The latter two may sound similar but representative sampling should be thought of as matching the distribution of the full population (labelled and unlabelled alike), while diversity sampling focuses on maximising the coverage of a given latent space (outliers are highly ranked by such a system).

“A latent space, also known as a latent feature space or embedding space, is an embedding of a set of items within a manifold in which items which resemble each other more closely are positioned closer to one another in the latent space.”

Due to the long training times of Deep Neural Networks and the insignificance of a single datapoint to the behaviour of a model, Active Learning tends to be applied in contexts in which a batch of data is submitted for labelling. This increases the importance of the diversity component. Uncertainty sampling techniques applied in batch form are likely to ‘oversolve’ a specific problem. For a model designed to detect bone fractures that is currently particularly weak at identifying wrist fractures, a model uncertainty based technique may only select wrist fractures, even if only a small number of examples is sufficient to correct for the problem.

It’s like a student failing a mock exam partially due to a long division problem only studying long division from then on to the detriment of any other weaknesses.
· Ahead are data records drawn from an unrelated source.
(* Let $m,n,c$ be positive integers such that $c\equiv0\pmod4$, $m\equiv n\equiv1\pmod4$, and $m,n\geqslant9$. Then there exists an $\mathrm{IHS}(m,n;c)$.
   Context: An integer Heffter array set $\mathrm{IHS}(m,n;c)$ is a collection of $c$ completely filled $m\times n$ arrays with integer entries such that the absolute values of all $mnc$ entries (taken over all $c$ arrays) are exactly $1,2,\ldots,mnc$, each occurring exactly once, and in every array the entries of each row and of each column sum to $0$. *)

From mathcomp Require Import all_boot all_order all_algebra.
Set Implicit Arguments. Unset Strict Implicit. Unset Printing Implicit Defensive.
Import GRing.Theory Num.Theory.
Local Open Scope ring_scope.

Definition is_IHS (m n c : nat) (A : 'I_c -> 'I_m -> 'I_n -> int) : Prop :=
  [/\
      (forall k i j, (1 <= `|A k i j|%N <= m * n * c)%N),
      (forall k i j k' i' j', `|A k i j|%N = `|A k' i' j'|%N ->
          (k, i, j) = (k', i', j')),
      (forall v : nat, (1 <= v <= m * n * c)%N ->
          exists k i j, `|A k i j|%N = v),
      (forall k i, \sum_(j < n) A k i j = 0) &
      (forall k j, \sum_(i < m) A k i j = 0)].

Definition IHS_exists (m n c : nat) : Prop :=
  exists A : 'I_c -> 'I_m -> 'I_n -> int, is_IHS A.

From mathcomp Require Import all_boot all_order all_algebra.
From mathcomp Require Import zify ring.
Set Implicit Arguments. Unset Strict Implicit. Unset Printing Implicit Defensive.
Import GRing.Theory Num.Theory.
Local Open Scope ring_scope.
This article excellently explains this problem and shows an uncertainty based technique being outperformed by random selection in the batch setting.

Random selection outperforms BALD when selecting data-points in batch.

The best techniques in the batch setting tend to be a combination of uncertainty sampling and diversity sampling. If you need to apply Active Learning to your own problem. The most mature package for Active Learning in the context of Deep Learning is BAAL.

This is a very active area and new tools are popping up frequently. You can check for a list of repos worth a further look in this area.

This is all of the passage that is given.